PMK
INSENTIF TAMBAHAN PAJAK PERTAMBAHAN NILAI ATAS PENYERAHAN
Pasal 1
Dalam Peraturan Menteri ini yang dimaksud dengan:
- Undang-Undang Pajak Pertambahan Nilai yang selanjutnya disebut Undang-Undang PPN adalah Undang- Undang Nomor 8 Tahun 1983 tentang Pajak Pertambahan Nilai Barang dan Jasa dan Pajak Penjualan atas Barang Mewah sebagaimana telah beberapa kali diubah terakhir dengan Undang-Undang Nomor 6 Tahun 2023 tentang Penetapan Peraturan Pemerintah Pengganti Undang- Undang Nomor 2 Tahun 2022 tentang Cipta Kerja Menjadi Undang-Undang.

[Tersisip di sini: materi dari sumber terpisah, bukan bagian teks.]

(* Let $T$ be a complete first-order theory and $\pi(\bar x)$ a partial type over $\emptyset$ (with $\bar x$ a possibly infinite tuple of variables). Let $M$ and $M'$ be two $\aleph_0$-saturated and strongly $\aleph_0$-homogeneous models of $T$. If there is an $\mathrm{Aut}(M)$-invariant regular Borel probability measure on $S_\pi(M)=\{q\in S_{\bar x}(M):\pi\subseteq q\}$, then there is an $\mathrm{Aut}(M')$-invariant regular Borel probability measure on $S_\pi(M')$. In particular, amenability of $\pi$ does not depend on the choice of the monster model, and $\pi$ is amenable if and only if there is an $\mathrm{Aut}(M)$-invariant regular Borel probability measure on $S_\pi(M)$ for some (equivalently, any) $\aleph_0$-saturated and strongly $\aleph_0$-homogeneous model $M$.
   Context: A model $N$ is strongly $\aleph_0$-homogeneous if every partial elementary map between finite subsets of $N$ extends to an automorphism of $N$. $\mathrm{Aut}(N)$ acts on $S_\pi(N)$ by $\varphi(\bar x,\sigma(\bar b))\in\sigma q$ iff $\varphi(\bar x,\bar b)\in q$. A partial type $\pi(\bar x)$ over $\emptyset$ is amenable if there is an $\mathrm{Aut}(\mathfrak C)$-invariant regular Borel probability measure on $S_\pi(\mathfrak C)$, where $\mathfrak C$ is a monster model of $T$ ($\kappa$-saturated and strongly $\kappa$-homogeneous for a large $\kappa$). *)

From Stdlib Require Import Reals List.
From Stdlib Require Fin.
Open Scope R_scope.

Record signature := {
  fsym : Type; farity : fsym -> nat;
  rsym : Type; rarity : rsym -> nat }.

Section FO.
Variable S : signature.

Inductive term (V : Type) : Type :=
  | TVar : V -> term V
  | TApp : forall f : fsym S, (Fin.t (farity S f) -> term V) -> term V.

(* formulas with free variables in V; FEx binds the variable None *)
Inductive formula (V : Type) : Type :=
  | FEq : term V -> term V -> formula V
  | FRel : forall r : rsym S, (Fin.t (rarity S r) -> term V) -> formula V
  | FNot : formula V -> formula V
  | FAnd : formula V -> formula V -> formula V
  | FEx : formula (option V) -> formula V.

Arguments TVar {V}. Arguments TApp {V}.
Arguments FEq {V}. Arguments FRel {V}. Arguments FNot {V}.
Arguments FAnd {V}. Arguments FEx {V}.

Definition sentence := formula Empty_set.

Fixpoint tmap {V W : Type} (h : V -> W) (t : term V) : term W :=
  match t with
  | TVar v => TVar (h v)
  | TApp f args => TApp f (fun i => tmap h (args i))
  end.

Definition omap {V W : Type} (h : V -> W) (o : option V) : option W :=
  match o with Some v => Some (h v) | None => None end.

Fixpoint fmap {V W : Type} (h : V -> W) (phi : formula V) : formula W :=
  match phi with
  | FEq t u => FEq (tmap h t) (tmap h u)
  | FRel r args => FRel r (fun i => tmap h (args i))
  | FNot p => FNot (fmap h p)
  | FAnd p q => FAnd (fmap h p) (fmap h q)
  | FEx p => FEx (fmap (omap h) p)
  end.

Record structure := {
  carrier :> Type;
  carrier_inh : inhabited carrier;
  funs : forall f : fsym S, (Fin.t (farity S f) -> carrier) -> carrier;
  rels : forall r : rsym S, (Fin.t (rarity S r) -> carrier) -> Prop }.
(* Let $G$ be a finite group, $H$ a nontrivial core-free subgroup, $\Omega=G/H$, $n=|G:H|$ and $\chi$ the permutation character of $G$ on $\Omega$. For a positive integer $t$ let $$Q(G,t)=\sum_{i=1}^k|x_i^G|\left(\frac{\chi(x_i)}{n}\right)^t,$$ where $x_1,\dots,x_k$ represent the conjugacy classes of elements of prime order in $G$. If $Q(G,t)<1$ then $d_G(H)\leqslant 2t-1$; in particular, if $Q(G,2)<1$ then $d_G(H)=3$.
   Context: Depth: for a finite group $G$, a subgroup $H$ and $m\geqslant 1$, let $(\mathbb{C}G)^{\otimes m}=\mathbb{C}G\otimes_{\mathbb{C}H}\cdots\otimes_{\mathbb{C}H}\mathbb{C}G$ ($m$ factors). For $n\geqslant 1$, the inclusion $\mathbb{C}H\subseteq\mathbb{C}G$ has depth $2n$ if $(\mathbb{C}G)^{\otimes(n+1)}$ is isomorphic, as a $(\mathbb{C}G,\mathbb{C}H)$-bimodule, to a direct summand of $\bigoplus_{i=1}^k(\mathbb{C}G)^{\otimes n}$ for some $k\geqslant 1$; it has depth $2n+1$ if the same holds for $(\mathbb{C}H,\mathbb{C}H)$-bimodules; it has depth $1$ if $\mathbb{C}G$ is isomorphic as a $(\mathbb{C}H,\mathbb{C}H)$-bimodule to a direct summand of $\bigoplus_{i=1}^k\mathbb{C}H$ for some $k\geqslant1$. The depth $d_G(H)$ is the least positive integer $n$ such that the inclusion has depth $n$. $H$ is core-free if $\bigcap_{g\in G}H^g=1$. *)

From HB Require Import structures.
From mathcomp Require Import all_boot all_order all_algebra all_fingroup all_field.
Set Implicit Arguments. Unset Strict Implicit. Unset Printing Implicit Defensive.
Import GRing.Theory Num.Theory.
Local Open Scope ring_scope.

(* A finite set S : {set T} together with a map act : T -> T yields    *)
(* the (row-convention) matrix of the linear extension of act on CS,   *)
Definition actmx (T : finType) (S : {set T}) (act : T -> T) : 'M[algC]_#|S| :=
  \matrix_(i < #|S|, j < #|S|) ((act (enum_val i) == enum_val j)%:R : algC).

(* M : CS -> CS' (v |-> v *m M) is a (CA,CB)-bimodule homomorphism, where
   a in A acts on the left via lS a / lS' a and b in B acts on the right
   via rS ^~ b / rS' ^~ b. *)
Definition is_bihom (gT : finGroupType) (A B : {set gT})
  (T : finType) (S : {set T}) (lS : gT -> T -> T) (rS : T -> gT -> T)
  (T' : finType) (S' : {set T'}) (lS' : gT -> T' -> T') (rS' : T' -> gT -> T')
  (M : 'M[algC]_(#|S|, #|S'|)) : Prop :=
  (forall a, a \in A -> actmx S (lS a) *m M = M *m actmx S' (lS' a)) /\
  (forall b, b \in B -> actmx S (rS^~ b) *m M = M *m actmx S' (rS'^~ b)).

(* CS is isomorphic, as a (CA,CB)-bimodule, to a direct summand of the
   direct sum of k copies of CS': there are bimodule maps
   i = (f_1,...,f_k) : CS -> (CS')^k and p = (p_1;...;p_k) : (CS')^k -> CS
   with p o i = id. *)
Definition is_summand_of_copies (gT : finGroupType) (A B : {set gT})
  (T : finType) (S : {set T}) (lS : gT -> T -> T) (rS : T -> gT -> T)
  (T' : finType) (S' : {set T'}) (lS' : gT -> T' -> T') (rS' : T' -> gT -> T')
  (k : nat) : Prop :=
  exists (f : 'I_k -> 'M[algC]_(#|S|, #|S'|)) (p : 'I_k -> 'M[algC]_(#|S'|, #|S|)),
    [/\ forall j, is_bihom A B lS rS lS' rS' (f j),
        forall j, is_bihom A B lS' rS' lS rS (p j)
      & \sum_(j < k) (f j *m p j) = 1%:M].

(* The m-fold tensor power CG (x)_{CH} ... (x)_{CH} CG.                *)
(* It is the linearization of G x_H G x_H ... x_H G, i.e. of the set   *)
(* of orbits of H^(m-1) on G^m acting by                               *)
(*   (t_0,...,t_{m-1}) |-> (t_0 h_1, h_1^-1 t_1 h_2, ..., h_{m-1}^-1 t_{m-1}) *)
(* (the class of (t_0,...,t_{m-1}) is the basis vector                 *)
(* t_0 (x) ... (x) t_{m-1}); G acts on the left on the first factor,   *)
(* H on the right on the last one.                                     *)
Section TensorPower.
Variables (gT : finGroupType) (G H : {set gT}) (m : nat).

Definition twist (h : {ffun 'I_m.+1 -> gT}) (t : {ffun 'I_m -> gT}) :
    {ffun 'I_m -> gT} :=
  [ffun i : 'I_m => ((h (widen_ord (leqnSn m) i))^-1 * t i * h (lift ord0 i))%g].

Definition twisters : {set {ffun 'I_m.+1 -> gT}} :=
  [set h : {ffun 'I_m.+1 -> gT} |
     [&& h ord0 == 1%g, h ord_max == 1%g & [forall i, h i \in H]]].

Definition tclass (t : {ffun 'I_m -> gT}) : {set {ffun 'I_m -> gT}} :=
  [set twist h t | h in twisters].

Definition tbase : {set {ffun 'I_m -> gT}} :=
  [set t : {ffun 'I_m -> gT} | [forall i, t i \in G]].

Definition tpow : {set {set {ffun 'I_m -> gT}}} := [set tclass t | t in tbase].

Definition tlmul (g : gT) (t : {ffun 'I_m -> gT}) : {ffun 'I_m -> gT} :=
  [ffun i : 'I_m => if val i == 0%N then (g * t i)%g else t i].

Definition trmul (t : {ffun 'I_m -> gT}) (h : gT) : {ffun 'I_m -> gT} :=
  [ffun i : 'I_m => if val i == m.-1 then (t i * h)%g else t i].

Definition tpow_l (g : gT) (c : {set {ffun 'I_m -> gT}}) := tlmul g @: c.
Definition tpow_r (c : {set {ffun 'I_m -> gT}}) (h : gT) := (trmul ^~ h) @: c.

End TensorPower.

Definition lmulg (gT : finGroupType) (g x : gT) : gT := (g * x)%g.
Definition rmulg (gT : finGroupType) (x g : gT) : gT := (x * g)%g.

Definition has_depth (gT : finGroupType) (G H : {group gT}) (d : nat) : Prop :=
  (* depth 1: CG | (CH)^k as (CH,CH)-bimodules *)
  (d = 1%N /\ exists2 k, (0 < k)%N &
     @is_summand_of_copies gT H H gT G (@lmulg gT) (@rmulg gT)
                              gT H (@lmulg gT) (@rmulg gT) k) \/
  (* depth 2n: CG^(n+1) | (CG^n)^k as (CG,CH)-bimodules *)
  (exists n, [/\ (0 < n)%N, d = n.*2 & exists2 k, (0 < k)%N &
     @is_summand_of_copies gT G H
       _ (tpow G H n.+1) (@tpow_l gT n.+1) (@tpow_r gT n.+1)
       _ (tpow G H n) (@tpow_l gT n) (@tpow_r gT n) k]) \/
  (* depth 2n+1: CG^(n+1) | (CG^n)^k as (CH,CH)-bimodules *)
  (exists n, [/\ (0 < n)%N, d = n.*2.+1 & exists2 k, (0 < k)%N &
     @is_summand_of_copies gT H H
       _ (tpow G H n.+1) (@tpow_l gT n.+1) (@tpow_r gT n.+1)
       _ (tpow G H n) (@tpow_l gT n) (@tpow_r gT n) k]).

Definition permchar (gT : finGroupType) (G H : {set gT}) (x : gT) : nat :=
  #|[set Hy in rcosets H G | (Hy :* x)%g == Hy]|.

Definition Qsum (gT : finGroupType) (G H : {group gT}) (t : nat) : rat :=
  \sum_(xG in classes G | prime #[repr xG]%g)
     (#|xG|%:R * ((permchar G H (repr xG))%:R / (#|G : H|%g)%:R) ^+ t).

(** If [Q(G,t) < 1], the t-tuples of points of [Omega] fixed by some element
    of prime order number fewer than [n^t], so some t-tuple of cosets
    [H y_1, ..., H y_t] has trivial pointwise stabiliser (a base of size t).
    The elements [y_i y_1^-1 (y_(i+1) y_1^-1)^-1] then form a basis element of
    the t-th tensor power [CG^(t)] on which [H x H] acts freely, and a biset
    with a free [H x H]-orbit contains every [(H,H)]-biset as a direct summand
    of copies of itself; hence [CG^(t)] is a summand of copies of [CG^(t-1)]
    and the depth is at most [2t-1].  Depths 1 and 2 are excluded because a
    nontrivial core-free subgroup is not normal: some [h \in H] is conjugated
    out of [H], which is detected by an element commuting with all bimodule
    maps that vanishes on the smaller bimodule but not on the larger one. *)

From HB Require Import structures.
From mathcomp Require Import all_boot all_order all_algebra all_fingroup all_field.
From mathcomp Require Import all_solvable.
From mathcomp Require classfun.
Import GRing.Theory Num.Theory Order.TTheory.
Set Implicit Arguments. Unset Strict Implicit. Unset Printing Implicit Defensive.

Section TensorPowerActions.
Variables (gT : finGroupType) (G H : {group gT}) (m : nat).
Implicit Types (t : {ffun 'I_m -> gT}) (c : {set {ffun 'I_m -> gT}}).
Local Open Scope group_scope.

Lemma tlmul1 t : tlmul 1 t = t.
Proof. by apply/ffunP=> i; rewrite ffunE; case: ifP; rewrite ?mul1g. Qed.

Lemma tlmulM a b t : tlmul (a * b) t = tlmul a (tlmul b t).
Proof. by apply/ffunP=> i; rewrite !ffunE; case: ifP; rewrite ?mulgA. Qed.

Lemma trmul1 t : trmul t 1 = t.
Proof. by apply/ffunP=> i; rewrite ffunE; case: ifP; rewrite ?mulg1. Qed.

Lemma trmulM a b t : trmul t (a * b) = trmul (trmul t a) b.
Proof. by apply/ffunP=> i; rewrite !ffunE; case: ifP; rewrite ?mulgA. Qed.

Lemma tlmul_trmul a b t : tlmul a (trmul t b) = trmul (tlmul a t) b.
Proof. by apply/ffunP=> i; rewrite !ffunE; do 2 case: ifP; rewrite ?mulgA. Qed.

Lemma tpow_l1 c : tpow_l 1 c = c.
Proof. by rewrite /tpow_l (eq_imset _ tlmul1) imset_id. Qed.

Lemma tpow_lM a b c : tpow_l (a * b) c = tpow_l a (tpow_l b c).
Proof. by rewrite /tpow_l -imset_comp; apply: eq_imset => t; rewrite /= tlmulM. Qed.

Lemma tpow_r1 c : tpow_r c 1 = c.
Proof. by rewrite /tpow_r (eq_imset _ (@trmul1)) imset_id. Qed.

Lemma tpow_rM a b c : tpow_r c (a * b) = tpow_r (tpow_r c a) b.
Proof. by rewrite /tpow_r -imset_comp; apply: eq_imset => t; rewrite /= trmulM. Qed.

Lemma tpow_l_r a b c : tpow_l a (tpow_r c b) = tpow_r (tpow_l a c) b.
Proof.
by rewrite /tpow_l /tpow_r -!imset_comp; apply: eq_imset => t; rewrite /= tlmul_trmul.
Qed.

Lemma tlmul_twist k a t : k \in twisters H m ->
  tlmul a (twist k t) = twist k (tlmul a t).
Proof.
rewrite inE => /and3P[/eqP k0 _ _]; apply/ffunP=> i; rewrite !ffunE.
case: ifP => // /eqP i0.
have -> : widen_ord (leqnSn m) i = ord0 by apply: val_inj.
by rewrite k0 invg1 !mul1g mulgA.
Qed.

Lemma trmul_twist k a t : k \in twisters H m ->
  trmul (twist k t) a = twist k (trmul t a).
Proof.
rewrite inE => /and3P[_ /eqP km _]; apply/ffunP=> i; rewrite !ffunE.
case: ifP => // /eqP i0.
have -> : lift ord0 i = ord_max.
  by apply: val_inj; rewrite /= /bump /= i0 add1n prednK // (leq_ltn_trans _ (ltn_ord i)).
by rewrite km !mulg1 mulgA.
Qed.

Lemma tpow_l_tclass a t : tpow_l a (tclass H t) = tclass H (tlmul a t).
Proof.
rewrite /tpow_l /tclass -imset_comp; apply: eq_in_imset => k kT.
by rewrite /= tlmul_twist.
Qed.

Lemma tpow_r_tclass a t : tpow_r (tclass H t) a = tclass H (trmul t a).
Proof.
rewrite /tpow_r /tclass -imset_comp; apply: eq_in_imset => k kT.
by rewrite /= trmul_twist.
Qed.

Lemma twisters_const1 : [ffun _ => 1] \in twisters H m.
Proof. by rewrite inE !ffunE !eqxx /=; apply/forallP => i; rewrite ffunE group1. Qed.

Lemma twist_const1 t : twist [ffun _ => 1] t = t.
Proof. by apply/ffunP=> i; rewrite !ffunE invg1 mul1g mulg1. Qed.

Lemma tclass_refl t : t \in tclass H t.
Proof. by apply/imsetP; exists [ffun _ => 1]; rewrite ?twisters_const1 ?twist_const1. Qed.

Hypothesis sHG : H \subset G.

Lemma mem_tpow_l a c : a \in G -> c \in tpow G H m -> tpow_l a c \in tpow G H m.
Proof.
move=> aG /imsetP[t tB ->]; rewrite tpow_l_tclass; apply: imset_f.
move: tB; rewrite !inE => /forallP tB; apply/forallP => i; rewrite ffunE.
by case: ifP; rewrite ?groupM.
Qed.

Lemma mem_tpow_r a c : a \in H -> c \in tpow G H m -> tpow_r c a \in tpow G H m.
Proof.
move=> /(subsetP sHG) aG /imsetP[t tB ->]; rewrite tpow_r_tclass; apply: imset_f.
move: tB; rewrite !inE => /forallP tB; apply/forallP => i; rewrite ffunE.
by case: ifP; rewrite ?groupM.
Qed.

End TensorPowerActions.

Section SetMatrices.
Local Open Scope ring_scope.

Lemma sum_delta_mul (U : finType) (A : {pred U}) (u : U) (F : U -> algC) :
  u \in A -> \sum_(w in A) (u == w)%:R * F w = F u.
Proof.
move=> uA; rewrite (bigD1 u) //= eqxx mul1r big1 ?addr0 // => w /andP[_ nw].
by rewrite eq_sym (negPf nw) mul0r.
Qed.

Lemma sum_delta (U : finType) (A : {pred U}) (u : U) :
  \sum_(w in A) ((u == w)%:R : algC) = (u \in A)%:R.
Proof.
have [uA | uA] := boolP (u \in A).
  rewrite (eq_bigr (fun w => (u == w)%:R * (fun=> 1) w)) ?sum_delta_mul //.
  by move=> w _; rewrite mulr1.
by rewrite big1 // => w wA; case: eqP => // uw; rewrite uw wA in uA.
Qed.

Definition setmx (T T' : finType) (S : {set T}) (S' : {set T'}) (F : T -> T' -> algC) :
  'M[algC]_(#|S|, #|S'|) := \matrix_(i, j) F (enum_val i) (enum_val j).

Variables (T T' T'' : finType) (S : {set T}) (S' : {set T'}) (S'' : {set T''}).

Lemma actmxE act : actmx S act = setmx S S (fun z w => (act z == w)%:R).
Proof. by []. Qed.

Lemma mul_actmx_setmx act F : {in S, forall z, act z \in S} ->
  actmx S act *m setmx S S' F = setmx S S' (fun z w => F (act z) w).
Proof.
move=> actS; apply/matrixP=> i j; rewrite !mxE.
rewrite (eq_bigr (fun k => (act (enum_val i) == enum_val k)%:R * F (enum_val k) (enum_val j)))
  => [|k _]; last by rewrite !mxE.
by rewrite -(big_enum_val (A := mem S) (fun w => (act (enum_val i) == w)%:R * F w (enum_val j))) /=
           sum_delta_mul // actS // enum_valP.
Qed.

- Pajak Pertambahan Nilai yang selanjutnya disingkat PPN adalah pajak pertambahan nilai sebagaimana diatur dalam Undang-Undang PPN.
- Pengusaha Kena Pajak adalah pengusaha yang melakukan penyerahan barang kena pajak dan/atau penyerahan jasa kena pajak yang dikenai pajak sebagaimana diatur dalam Undang-Undang PPN.
- Barang Kena Pajak adalah barang yang dikenai pajak sebagaimana diatur dalam Undang-Undang PPN.
- Faktur Pajak adalah bukti pungutan pajak yang dibuat oleh Pengusaha Kena Pajak yang melakukan penyerahan Barang Kena Pajak atau penyerahan jasa kena pajak.
- Surat Pemberitahuan Masa PPN adalah surat yang digunakan oleh wajib pajak untuk melaporkan penghitungan dan/atau pembayaran PPN, objek PPN dan/atau bukan objek PPN sesuai dengan ketentuan peraturan perundang-undangan perpajakan untuk suatu masa pajak.
- Harga Jual adalah nilai berupa uang, termasuk semua biaya yang diminta atau seharusnya diminta oleh penjual karena penyerahan Barang Kena Pajak, tidak termasuk PPN yang dipungut menurut Undang-Undang PPN dan potongan harga yang dicantumkan dalam Faktur Pajak.
- Masa Pajak adalah jangka waktu yang menjadi dasar bagi wajib pajak untuk menghitung, menyetor, dan melaporkan pajak yang terutang dalam suatu jangka waktu tertentu sebagaimana diatur dalam Undang-Undang mengenai ketentuan umum dan tata cara perpajakan beserta perubahannya.
- Menteri adalah menteri yang menyelenggarakan urusan pemerintahan di bidang keuangan.